[Dataset extract]

(* Let $p$ be a prime and let $G$ be a finite $p$-group. Let $x\in G$ with $o(x)=p$, and let $\Upsilon$ be the connected component of the cyclic graph $\Delta(G)$ containing $x$. Then $x\sim y$ (i.e. $\langle x,y\rangle$ is cyclic) for every $y\in\Upsilon$ with $y\neq x$.
   Context: For a finite group $G$, the cyclic graph $\Delta(G)$ has vertex set $G^{\#}=G\setminus\{1\}$, and distinct vertices $x,y$ are adjacent (written $x\sim y$) if and only if the subgroup $\langle x,y\rangle$ is cyclic. $o(x)$ denotes the order of $x$. *)

From mathcomp Require Import all_boot all_fingroup all_solvable.
Set Implicit Arguments. Unset Strict Implicit. Unset Printing Implicit Defensive.
Local Open Scope group_scope.

Definition cyc_adj (gT : finGroupType) (G : {set gT}) : rel gT :=
  fun x y => [&& x \in G^#, y \in G^#, x != y & cyclic <<[set x; y]>>].

Definition same_component (gT : finGroupType) (G : {set gT}) (x y : gT) : bool :=
  connect (cyc_adj G) x y.

From mathcomp Require Import all_boot all_fingroup all_solvable.
Set Implicit Arguments. Unset Strict Implicit. Unset Printing Implicit Defensive.
Local Open Scope group_scope.

(* A cyclic group has at most one subgroup of each order, and <z> contains
   one of order p whenever z is a nontrivial p-element.  So if x has order p
   and lies in <w>, and <w, z> is cyclic, then <x> is the subgroup of order
   p of <w, z>, hence lies in <z>.  The property "x \in <[w]>" therefore
   propagates along the edges of Delta(G) to every vertex y of the component
   of x, and then <x, y> = <y> is cyclic. *)

Lemma prime_order_mem_cycle (gT : finGroupType) (C : {group gT}) p (x z : gT) :
  cyclic C -> x \in C -> z \in C -> #[x] = p -> p.-elt z -> z != 1 ->
  x \in <[z]>.
Proof.
move=> cycC Cx Cz ox p_z ntz.
have ntZ : <[z]> != 1 by rewrite cycle_eq1.
have [pr_p p_dvd_z _] := pgroup_pdiv p_z ntZ.
have [u zu ou] := Cauchy pr_p p_dvd_z.
have Cu : u \in C by apply: subsetP zu; rewrite cycle_subG.
have /eqP Zux : <[u]> :==: <[x]>.
  by rewrite (eq_subG_cyclic cycC) ?cycle_subG // -/#[u] -/#[x] ou ox.
by rewrite -cycle_subG -Zux cycle_subG.
Qed.

Lemma cyclic_gen2_mem_cycle (gT : finGroupType) (u v : gT) :
  u \in <[v]> -> cyclic <<[set u; v]>>.
Proof.
move=> uv; apply: cyclicS (cycle_cyclic v).
by rewrite gen_subG; apply/subsetP => w /set2P[] ->; rewrite ?cycle_id.
Qed.

Lemma cyc_adj_sym (gT : finGroupType) (G : {set gT}) : symmetric (cyc_adj G).
Proof. by move=> w z; rewrite /cyc_adj setUC [w == z]eq_sym andbCA. Qed.

Section PrimeOrderComponent.

Variables (gT : finGroupType) (G : {group gT}) (p : nat) (x : gT).
Hypotheses (pG : p.-group G) (ox : #[x] = p).

Lemma cyc_adj_mem_cycle w z : cyc_adj G w z -> x \in <[w]> -> x \in <[z]>.
Proof.
case/and4P=> _ /setD1P[ntz Gz] _ cycWZ xw.
apply: prime_order_mem_cycle cycWZ _ _ ox (mem_p_elt pG Gz) ntz.
  by apply: subsetP xw; rewrite cycle_subG mem_gen // !inE eqxx.
by rewrite mem_gen // !inE eqxx orbT.
Qed.

Lemma closed_cyc_adj_mem_cycle :
  closed (cyc_adj G) [pred w | (w \in G^#) && (x \in <[w]>)].
Proof.
move=> w z wz; have zw := wz; rewrite cyc_adj_sym in zw.
case/and4P: (wz) => /setD1P[ntw Gw] /setD1P[ntz Gz] _ _.
rewrite !inE ntw Gw ntz Gz /=.
by apply/idP/idP; apply: cyc_adj_mem_cycle.
Qed.

Lemma same_component_mem_cycle y :
  x \in G^# -> same_component G x y -> (y \in G^#) && (x \in <[y]>).
Proof.
move=> /setD1P[ntx Gx] xy; have := closed_connect closed_cyc_adj_mem_cycle xy.
by rewrite !inE ntx Gx cycle_id => <-.
Qed.

End PrimeOrderComponent.

Theorem lemma2p2 (gT : finGroupType) (G : {group gT}) (p : nat) (x : gT) :
  prime p -> p.-group G -> x \in G -> #[x] = p ->
  forall y : gT, same_component G x y -> y != x -> cyc_adj G x y.
Proof.
move=> pr_p pG Gx ox y xy neq_yx.
have G'x : x \in G^# by rewrite !inE -order_gt1 ox prime_gt1.
have /andP[G'y xy_cyc] := same_component_mem_cycle pG ox G'x xy.
apply/and4P; split=> //; first by rewrite eq_sym.
exact: cyclic_gen2_mem_cycle.
Qed.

[/Dataset extract]

→ **Your instructions**
Output every line above without altering anything.

→ **Task output**
(* Let $p$ be a prime and let $G$ be a finite $p$-group. Let $x\in G$ with $o(x)=p$, and let $\Upsilon$ be the connected component of the cyclic graph $\Delta(G)$ containing $x$. Then $x\sim y$ (i.e. $\langle x,y\rangle$ is cyclic) for every $y\in\Upsilon$ with $y\neq x$.
   Context: For a finite group $G$, the cyclic graph $\Delta(G)$ has vertex set $G^{\#}=G\setminus\{1\}$, and distinct vertices $x,y$ are adjacent (written $x\sim y$) if and only if the subgroup $\langle x,y\rangle$ is cyclic. $o(x)$ denotes the order of $x$. *)

From mathcomp Require Import all_boot all_fingroup all_solvable.
Set Implicit Arguments. Unset Strict Implicit. Unset Printing Implicit Defensive.
Local Open Scope group_scope.

Definition cyc_adj (gT : finGroupType) (G : {set gT}) : rel gT :=
  fun x y => [&& x \in G^#, y \in G^#, x != y & cyclic <<[set x; y]>>].

Definition same_component (gT : finGroupType) (G : {set gT}) (x y : gT) : bool :=
  connect (cyc_adj G) x y.

From mathcomp Require Import all_boot all_fingroup all_solvable.
Set Implicit Arguments. Unset Strict Implicit. Unset Printing Implicit Defensive.
Local Open Scope group_scope.

(* A cyclic group has at most one subgroup of each order, and <z> contains
   one of order p whenever z is a nontrivial p-element.  So if x has order p
   and lies in <w>, and <w, z> is cyclic, then <x> is the subgroup of order
   p of <w, z>, hence lies in <z>.  The property "x \in <[w]>" therefore
   propagates along the edges of Delta(G) to every vertex y of the component
   of x, and then <x, y> = <y> is cyclic. *)

Lemma prime_order_mem_cycle (gT : finGroupType) (C : {group gT}) p (x z : gT) :
  cyclic C -> x \in C -> z \in C -> #[x] = p -> p.-elt z -> z != 1 ->
  x \in <[z]>.
Proof.
move=> cycC Cx Cz ox p_z ntz.
have ntZ : <[z]> != 1 by rewrite cycle_eq1.
have [pr_p p_dvd_z _] := pgroup_pdiv p_z ntZ.
have [u zu ou] := Cauchy pr_p p_dvd_z.
have Cu : u \in C by apply: subsetP zu; rewrite cycle_subG.
have /eqP Zux : <[u]> :==: <[x]>.
  by rewrite (eq_subG_cyclic cycC) ?cycle_subG // -/#[u] -/#[x] ou ox.
by rewrite -cycle_subG -Zux cycle_subG.
Qed.

Lemma cyclic_gen2_mem_cycle (gT : finGroupType) (u v : gT) :
  u \in <[v]> -> cyclic <<[set u; v]>>.
Proof.
move=> uv; apply: cyclicS (cycle_cyclic v).
by rewrite gen_subG; apply/subsetP => w /set2P[] ->; rewrite ?cycle_id.
Qed.

Lemma cyc_adj_sym (gT : finGroupType) (G : {set gT}) : symmetric (cyc_adj G).
Proof. by move=> w z; rewrite /cyc_adj setUC [w == z]eq_sym andbCA. Qed.

Section PrimeOrderComponent.

Variables (gT : finGroupType) (G : {group gT}) (p : nat) (x : gT).
Hypotheses (pG : p.-group G) (ox : #[x] = p).

Lemma cyc_adj_mem_cycle w z : cyc_adj G w z -> x \in <[w]> -> x \in <[z]>.
Proof.
case/and4P=> _ /setD1P[ntz Gz] _ cycWZ xw.
apply: prime_order_mem_cycle cycWZ _ _ ox (mem_p_elt pG Gz) ntz.
  by apply: subsetP xw; rewrite cycle_subG mem_gen // !inE eqxx.
by rewrite mem_gen // !inE eqxx orbT.
Qed.

Lemma closed_cyc_adj_mem_cycle :
  closed (cyc_adj G) [pred w | (w \in G^#) && (x \in <[w]>)].
Proof.
move=> w z wz; have zw := wz; rewrite cyc_adj_sym in zw.
case/and4P: (wz) => /setD1P[ntw Gw] /setD1P[ntz Gz] _ _.
rewrite !inE ntw Gw ntz Gz /=.
by apply/idP/idP; apply: cyc_adj_mem_cycle.
Qed.

Lemma same_component_mem_cycle y :
  x \in G^# -> same_component G x y -> (y \in G^#) && (x \in <[y]>).
Proof.
move=> /setD1P[ntx Gx] xy; have := closed_connect closed_cyc_adj_mem_cycle xy.
by rewrite !inE ntx Gx cycle_id => <-.
Qed.

End PrimeOrderComponent.

Theorem lemma2p2 (gT : finGroupType) (G : {group gT}) (p : nat) (x : gT) :
  prime p -> p.-group G -> x \in G -> #[x] = p ->
  forall y : gT, same_component G x y -> y != x -> cyc_adj G x y.
Proof.
move=> pr_p pG Gx ox y xy neq_yx.
have G'x : x \in G^# by rewrite !inE -order_gt1 ox prime_gt1.
have /andP[G'y xy_cyc] := same_component_mem_cycle pG ox G'x xy.
apply/and4P; split=> //; first by rewrite eq_sym.
exact: cyclic_gen2_mem_cycle.
Qed.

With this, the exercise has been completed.